*TO DO*: Look through the listing below and give the number of lines in which "pinv" occurs, nothing more.

*****

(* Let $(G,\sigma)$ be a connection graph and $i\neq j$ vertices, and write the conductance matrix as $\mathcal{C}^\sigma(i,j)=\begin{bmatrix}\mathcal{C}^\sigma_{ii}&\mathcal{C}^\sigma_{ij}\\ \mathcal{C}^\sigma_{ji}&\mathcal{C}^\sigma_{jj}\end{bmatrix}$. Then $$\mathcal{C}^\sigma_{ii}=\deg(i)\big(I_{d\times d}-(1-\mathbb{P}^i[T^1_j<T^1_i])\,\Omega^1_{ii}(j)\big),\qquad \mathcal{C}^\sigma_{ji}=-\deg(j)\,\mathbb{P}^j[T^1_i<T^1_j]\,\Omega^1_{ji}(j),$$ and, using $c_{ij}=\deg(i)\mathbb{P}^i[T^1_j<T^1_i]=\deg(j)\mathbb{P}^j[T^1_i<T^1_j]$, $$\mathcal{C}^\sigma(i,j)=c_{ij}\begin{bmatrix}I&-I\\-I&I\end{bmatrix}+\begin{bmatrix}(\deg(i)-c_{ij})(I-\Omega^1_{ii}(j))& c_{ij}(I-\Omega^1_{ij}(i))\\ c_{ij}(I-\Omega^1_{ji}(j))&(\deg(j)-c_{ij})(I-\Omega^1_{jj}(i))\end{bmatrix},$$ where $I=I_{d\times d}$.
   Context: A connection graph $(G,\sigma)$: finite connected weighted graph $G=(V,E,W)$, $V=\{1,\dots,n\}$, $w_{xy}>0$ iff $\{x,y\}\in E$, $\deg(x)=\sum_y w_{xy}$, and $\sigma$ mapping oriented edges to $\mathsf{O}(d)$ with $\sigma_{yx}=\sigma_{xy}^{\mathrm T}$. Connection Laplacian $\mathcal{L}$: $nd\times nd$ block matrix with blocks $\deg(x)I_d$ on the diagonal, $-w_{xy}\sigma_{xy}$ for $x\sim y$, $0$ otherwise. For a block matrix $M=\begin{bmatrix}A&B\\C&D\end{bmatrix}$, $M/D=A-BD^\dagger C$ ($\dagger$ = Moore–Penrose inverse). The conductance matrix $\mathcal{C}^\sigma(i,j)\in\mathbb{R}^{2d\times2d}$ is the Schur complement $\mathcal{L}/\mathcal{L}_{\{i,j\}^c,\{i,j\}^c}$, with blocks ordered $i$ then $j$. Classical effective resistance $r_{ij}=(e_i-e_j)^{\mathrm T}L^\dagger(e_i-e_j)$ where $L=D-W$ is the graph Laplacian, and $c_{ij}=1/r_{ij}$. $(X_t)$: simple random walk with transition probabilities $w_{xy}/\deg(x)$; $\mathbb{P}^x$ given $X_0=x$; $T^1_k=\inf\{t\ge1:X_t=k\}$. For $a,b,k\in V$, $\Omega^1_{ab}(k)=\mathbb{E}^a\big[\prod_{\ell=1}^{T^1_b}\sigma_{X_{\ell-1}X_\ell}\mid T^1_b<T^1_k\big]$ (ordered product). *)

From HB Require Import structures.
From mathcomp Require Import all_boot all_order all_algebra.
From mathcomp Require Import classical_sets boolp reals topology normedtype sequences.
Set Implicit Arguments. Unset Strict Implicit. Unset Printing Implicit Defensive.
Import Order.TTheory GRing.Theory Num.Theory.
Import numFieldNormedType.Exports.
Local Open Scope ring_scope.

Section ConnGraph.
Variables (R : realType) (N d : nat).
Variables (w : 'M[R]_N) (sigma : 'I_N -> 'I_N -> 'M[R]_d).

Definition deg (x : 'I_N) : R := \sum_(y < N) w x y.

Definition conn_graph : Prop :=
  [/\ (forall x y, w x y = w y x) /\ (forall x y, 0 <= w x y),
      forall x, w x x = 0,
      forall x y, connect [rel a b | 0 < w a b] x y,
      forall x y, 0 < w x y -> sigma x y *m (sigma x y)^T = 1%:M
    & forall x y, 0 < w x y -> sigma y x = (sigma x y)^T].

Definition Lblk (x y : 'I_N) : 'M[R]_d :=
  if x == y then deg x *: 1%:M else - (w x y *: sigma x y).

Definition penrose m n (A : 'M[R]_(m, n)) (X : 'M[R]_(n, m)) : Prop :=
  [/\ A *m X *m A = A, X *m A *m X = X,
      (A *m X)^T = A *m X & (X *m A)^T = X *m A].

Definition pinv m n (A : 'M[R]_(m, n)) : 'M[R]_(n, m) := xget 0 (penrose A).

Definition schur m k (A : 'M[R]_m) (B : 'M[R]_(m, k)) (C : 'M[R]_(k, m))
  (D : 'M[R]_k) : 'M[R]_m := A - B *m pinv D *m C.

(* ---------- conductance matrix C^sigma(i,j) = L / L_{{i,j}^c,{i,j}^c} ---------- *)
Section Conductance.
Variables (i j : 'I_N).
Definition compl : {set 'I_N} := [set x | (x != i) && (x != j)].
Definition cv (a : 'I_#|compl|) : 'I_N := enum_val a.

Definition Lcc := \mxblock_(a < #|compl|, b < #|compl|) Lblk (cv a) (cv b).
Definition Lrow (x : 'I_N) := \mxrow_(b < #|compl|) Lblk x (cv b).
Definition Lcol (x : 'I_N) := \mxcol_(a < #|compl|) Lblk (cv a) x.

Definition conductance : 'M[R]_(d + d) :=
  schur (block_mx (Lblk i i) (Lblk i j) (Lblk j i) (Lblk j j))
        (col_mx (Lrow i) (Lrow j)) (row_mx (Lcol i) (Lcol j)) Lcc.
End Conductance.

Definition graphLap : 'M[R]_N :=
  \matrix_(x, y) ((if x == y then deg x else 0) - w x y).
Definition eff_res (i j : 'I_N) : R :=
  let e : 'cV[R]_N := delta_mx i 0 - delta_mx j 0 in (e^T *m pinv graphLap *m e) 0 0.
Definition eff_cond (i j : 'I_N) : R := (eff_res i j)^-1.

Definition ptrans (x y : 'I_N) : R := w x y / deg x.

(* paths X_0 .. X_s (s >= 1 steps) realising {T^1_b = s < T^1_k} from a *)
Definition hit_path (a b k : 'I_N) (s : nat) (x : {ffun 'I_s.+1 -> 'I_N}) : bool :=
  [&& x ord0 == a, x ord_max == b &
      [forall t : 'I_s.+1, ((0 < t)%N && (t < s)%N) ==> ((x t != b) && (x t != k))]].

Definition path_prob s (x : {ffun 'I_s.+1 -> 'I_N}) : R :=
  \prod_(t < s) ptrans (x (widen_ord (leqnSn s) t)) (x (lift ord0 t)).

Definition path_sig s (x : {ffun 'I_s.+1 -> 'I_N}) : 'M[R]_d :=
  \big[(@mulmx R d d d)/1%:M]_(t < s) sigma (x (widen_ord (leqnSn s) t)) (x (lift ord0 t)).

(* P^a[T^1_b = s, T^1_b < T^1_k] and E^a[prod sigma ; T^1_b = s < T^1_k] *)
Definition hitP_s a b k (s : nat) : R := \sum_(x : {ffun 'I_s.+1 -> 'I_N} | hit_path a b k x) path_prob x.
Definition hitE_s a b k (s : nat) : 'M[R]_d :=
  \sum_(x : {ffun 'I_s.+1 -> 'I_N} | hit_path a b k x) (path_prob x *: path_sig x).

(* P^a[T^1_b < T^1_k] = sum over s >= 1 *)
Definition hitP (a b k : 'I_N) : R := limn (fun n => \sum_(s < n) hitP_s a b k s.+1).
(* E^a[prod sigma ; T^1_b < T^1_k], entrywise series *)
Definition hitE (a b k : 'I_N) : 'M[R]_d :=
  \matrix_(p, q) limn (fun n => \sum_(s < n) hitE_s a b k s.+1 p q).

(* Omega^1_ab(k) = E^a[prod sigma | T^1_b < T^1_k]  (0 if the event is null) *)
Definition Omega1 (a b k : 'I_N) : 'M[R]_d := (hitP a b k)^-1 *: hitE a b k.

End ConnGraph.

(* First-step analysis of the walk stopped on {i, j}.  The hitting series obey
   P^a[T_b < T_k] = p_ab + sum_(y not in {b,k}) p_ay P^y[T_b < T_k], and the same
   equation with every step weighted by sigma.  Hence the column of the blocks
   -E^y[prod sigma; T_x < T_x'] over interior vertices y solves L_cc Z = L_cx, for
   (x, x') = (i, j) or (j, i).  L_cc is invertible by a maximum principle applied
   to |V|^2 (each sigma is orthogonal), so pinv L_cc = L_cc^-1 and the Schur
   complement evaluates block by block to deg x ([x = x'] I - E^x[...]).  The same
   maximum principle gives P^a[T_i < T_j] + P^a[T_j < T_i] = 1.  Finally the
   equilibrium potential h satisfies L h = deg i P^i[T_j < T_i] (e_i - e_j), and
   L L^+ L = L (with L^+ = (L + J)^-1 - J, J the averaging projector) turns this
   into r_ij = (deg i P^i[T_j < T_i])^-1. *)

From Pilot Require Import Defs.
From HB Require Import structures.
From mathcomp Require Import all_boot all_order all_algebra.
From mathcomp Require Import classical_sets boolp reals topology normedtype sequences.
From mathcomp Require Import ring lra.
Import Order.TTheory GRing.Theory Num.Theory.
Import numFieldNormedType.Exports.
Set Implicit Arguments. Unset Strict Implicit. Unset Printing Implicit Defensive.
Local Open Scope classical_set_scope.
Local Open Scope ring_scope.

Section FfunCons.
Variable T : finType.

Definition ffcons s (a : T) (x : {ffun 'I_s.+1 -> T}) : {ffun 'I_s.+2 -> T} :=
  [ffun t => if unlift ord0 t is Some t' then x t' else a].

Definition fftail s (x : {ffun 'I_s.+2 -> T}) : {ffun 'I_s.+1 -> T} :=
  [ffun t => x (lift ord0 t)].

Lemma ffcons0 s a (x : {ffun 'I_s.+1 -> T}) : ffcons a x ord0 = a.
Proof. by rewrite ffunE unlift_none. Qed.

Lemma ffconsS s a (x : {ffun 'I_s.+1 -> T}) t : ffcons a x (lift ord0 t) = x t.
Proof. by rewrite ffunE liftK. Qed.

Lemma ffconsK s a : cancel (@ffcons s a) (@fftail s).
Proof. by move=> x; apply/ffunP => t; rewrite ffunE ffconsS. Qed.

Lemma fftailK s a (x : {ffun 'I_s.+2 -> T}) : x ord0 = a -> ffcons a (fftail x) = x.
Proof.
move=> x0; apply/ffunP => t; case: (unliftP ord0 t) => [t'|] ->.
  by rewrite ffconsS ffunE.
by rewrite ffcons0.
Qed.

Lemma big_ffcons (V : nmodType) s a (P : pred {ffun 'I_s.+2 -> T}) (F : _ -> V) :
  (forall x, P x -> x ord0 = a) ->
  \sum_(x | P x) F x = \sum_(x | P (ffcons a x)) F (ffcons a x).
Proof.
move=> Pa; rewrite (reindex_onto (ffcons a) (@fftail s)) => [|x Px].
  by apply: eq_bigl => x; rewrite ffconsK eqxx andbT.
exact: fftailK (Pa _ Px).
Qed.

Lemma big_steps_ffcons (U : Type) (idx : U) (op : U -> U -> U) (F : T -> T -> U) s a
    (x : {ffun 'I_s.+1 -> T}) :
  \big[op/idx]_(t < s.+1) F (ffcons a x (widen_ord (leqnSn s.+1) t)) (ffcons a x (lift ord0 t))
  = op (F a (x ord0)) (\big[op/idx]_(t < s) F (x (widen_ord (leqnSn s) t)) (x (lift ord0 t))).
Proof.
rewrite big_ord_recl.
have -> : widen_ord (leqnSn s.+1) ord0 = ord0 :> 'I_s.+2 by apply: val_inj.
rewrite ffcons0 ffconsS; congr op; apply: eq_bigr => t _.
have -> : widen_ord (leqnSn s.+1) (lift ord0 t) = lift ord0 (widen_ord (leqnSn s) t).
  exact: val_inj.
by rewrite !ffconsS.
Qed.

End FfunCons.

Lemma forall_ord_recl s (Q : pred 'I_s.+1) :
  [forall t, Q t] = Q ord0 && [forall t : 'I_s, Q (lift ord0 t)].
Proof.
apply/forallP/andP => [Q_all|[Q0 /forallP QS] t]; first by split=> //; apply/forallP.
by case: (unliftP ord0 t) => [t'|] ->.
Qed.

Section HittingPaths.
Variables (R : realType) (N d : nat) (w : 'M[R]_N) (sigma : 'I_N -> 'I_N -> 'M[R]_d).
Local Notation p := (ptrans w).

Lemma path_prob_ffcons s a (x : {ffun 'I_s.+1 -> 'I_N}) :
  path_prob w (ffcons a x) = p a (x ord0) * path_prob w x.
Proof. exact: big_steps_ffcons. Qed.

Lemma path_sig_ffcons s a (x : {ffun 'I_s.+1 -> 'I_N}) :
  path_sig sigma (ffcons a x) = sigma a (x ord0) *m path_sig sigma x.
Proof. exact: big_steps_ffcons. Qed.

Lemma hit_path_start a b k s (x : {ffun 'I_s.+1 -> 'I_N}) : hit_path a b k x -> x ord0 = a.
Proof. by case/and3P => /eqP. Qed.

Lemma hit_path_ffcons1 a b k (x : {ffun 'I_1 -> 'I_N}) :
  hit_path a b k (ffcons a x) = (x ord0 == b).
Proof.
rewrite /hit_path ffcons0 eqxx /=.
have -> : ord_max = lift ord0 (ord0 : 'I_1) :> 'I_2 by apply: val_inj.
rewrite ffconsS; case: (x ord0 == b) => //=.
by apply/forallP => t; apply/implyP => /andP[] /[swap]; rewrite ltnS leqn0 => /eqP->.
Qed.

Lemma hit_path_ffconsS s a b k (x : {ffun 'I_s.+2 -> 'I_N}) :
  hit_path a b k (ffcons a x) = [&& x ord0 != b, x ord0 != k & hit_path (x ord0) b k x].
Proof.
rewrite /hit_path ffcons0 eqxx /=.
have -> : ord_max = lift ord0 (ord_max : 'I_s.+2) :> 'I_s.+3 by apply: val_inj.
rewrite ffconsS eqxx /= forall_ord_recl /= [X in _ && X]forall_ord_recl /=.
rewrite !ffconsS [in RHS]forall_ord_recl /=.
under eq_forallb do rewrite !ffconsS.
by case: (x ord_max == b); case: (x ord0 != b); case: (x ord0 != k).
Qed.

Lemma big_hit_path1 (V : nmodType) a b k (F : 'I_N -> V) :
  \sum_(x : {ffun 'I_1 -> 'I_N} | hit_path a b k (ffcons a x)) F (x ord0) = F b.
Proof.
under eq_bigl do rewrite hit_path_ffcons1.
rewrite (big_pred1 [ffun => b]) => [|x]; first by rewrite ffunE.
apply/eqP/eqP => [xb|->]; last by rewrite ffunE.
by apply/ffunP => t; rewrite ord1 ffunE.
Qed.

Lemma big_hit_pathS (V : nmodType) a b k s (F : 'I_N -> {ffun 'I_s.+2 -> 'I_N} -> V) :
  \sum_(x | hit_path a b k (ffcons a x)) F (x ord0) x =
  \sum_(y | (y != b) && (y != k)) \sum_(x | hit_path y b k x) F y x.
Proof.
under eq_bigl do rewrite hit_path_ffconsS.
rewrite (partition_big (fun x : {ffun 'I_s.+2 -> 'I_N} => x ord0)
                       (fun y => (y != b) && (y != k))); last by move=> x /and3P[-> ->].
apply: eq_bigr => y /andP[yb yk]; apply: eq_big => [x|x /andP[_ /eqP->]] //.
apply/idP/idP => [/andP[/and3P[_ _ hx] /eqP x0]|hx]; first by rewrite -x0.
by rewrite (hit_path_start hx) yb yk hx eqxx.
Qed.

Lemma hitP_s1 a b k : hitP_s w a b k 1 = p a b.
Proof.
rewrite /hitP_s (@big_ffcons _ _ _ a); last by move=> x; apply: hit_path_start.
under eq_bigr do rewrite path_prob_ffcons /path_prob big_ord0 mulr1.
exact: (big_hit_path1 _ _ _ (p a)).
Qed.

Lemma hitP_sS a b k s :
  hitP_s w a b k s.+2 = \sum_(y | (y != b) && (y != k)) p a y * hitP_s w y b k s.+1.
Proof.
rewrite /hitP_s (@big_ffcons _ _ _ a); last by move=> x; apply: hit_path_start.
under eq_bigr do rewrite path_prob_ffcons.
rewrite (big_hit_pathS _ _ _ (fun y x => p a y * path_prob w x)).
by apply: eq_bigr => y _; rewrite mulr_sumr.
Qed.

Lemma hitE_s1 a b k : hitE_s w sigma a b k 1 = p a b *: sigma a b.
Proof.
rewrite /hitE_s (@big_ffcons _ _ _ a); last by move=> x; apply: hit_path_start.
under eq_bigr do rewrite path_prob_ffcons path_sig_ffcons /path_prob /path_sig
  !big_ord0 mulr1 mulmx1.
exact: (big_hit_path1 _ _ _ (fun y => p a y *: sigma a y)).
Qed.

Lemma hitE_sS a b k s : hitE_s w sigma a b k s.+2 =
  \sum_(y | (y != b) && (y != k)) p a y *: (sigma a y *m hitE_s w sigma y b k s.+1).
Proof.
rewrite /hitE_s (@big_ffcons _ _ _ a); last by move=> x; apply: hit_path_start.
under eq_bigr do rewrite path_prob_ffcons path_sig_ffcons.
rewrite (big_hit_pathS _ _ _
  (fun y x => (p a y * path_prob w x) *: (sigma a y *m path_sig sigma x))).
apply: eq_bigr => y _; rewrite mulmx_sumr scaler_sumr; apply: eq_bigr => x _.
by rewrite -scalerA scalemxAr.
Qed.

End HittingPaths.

*****

*ANSWER*: 4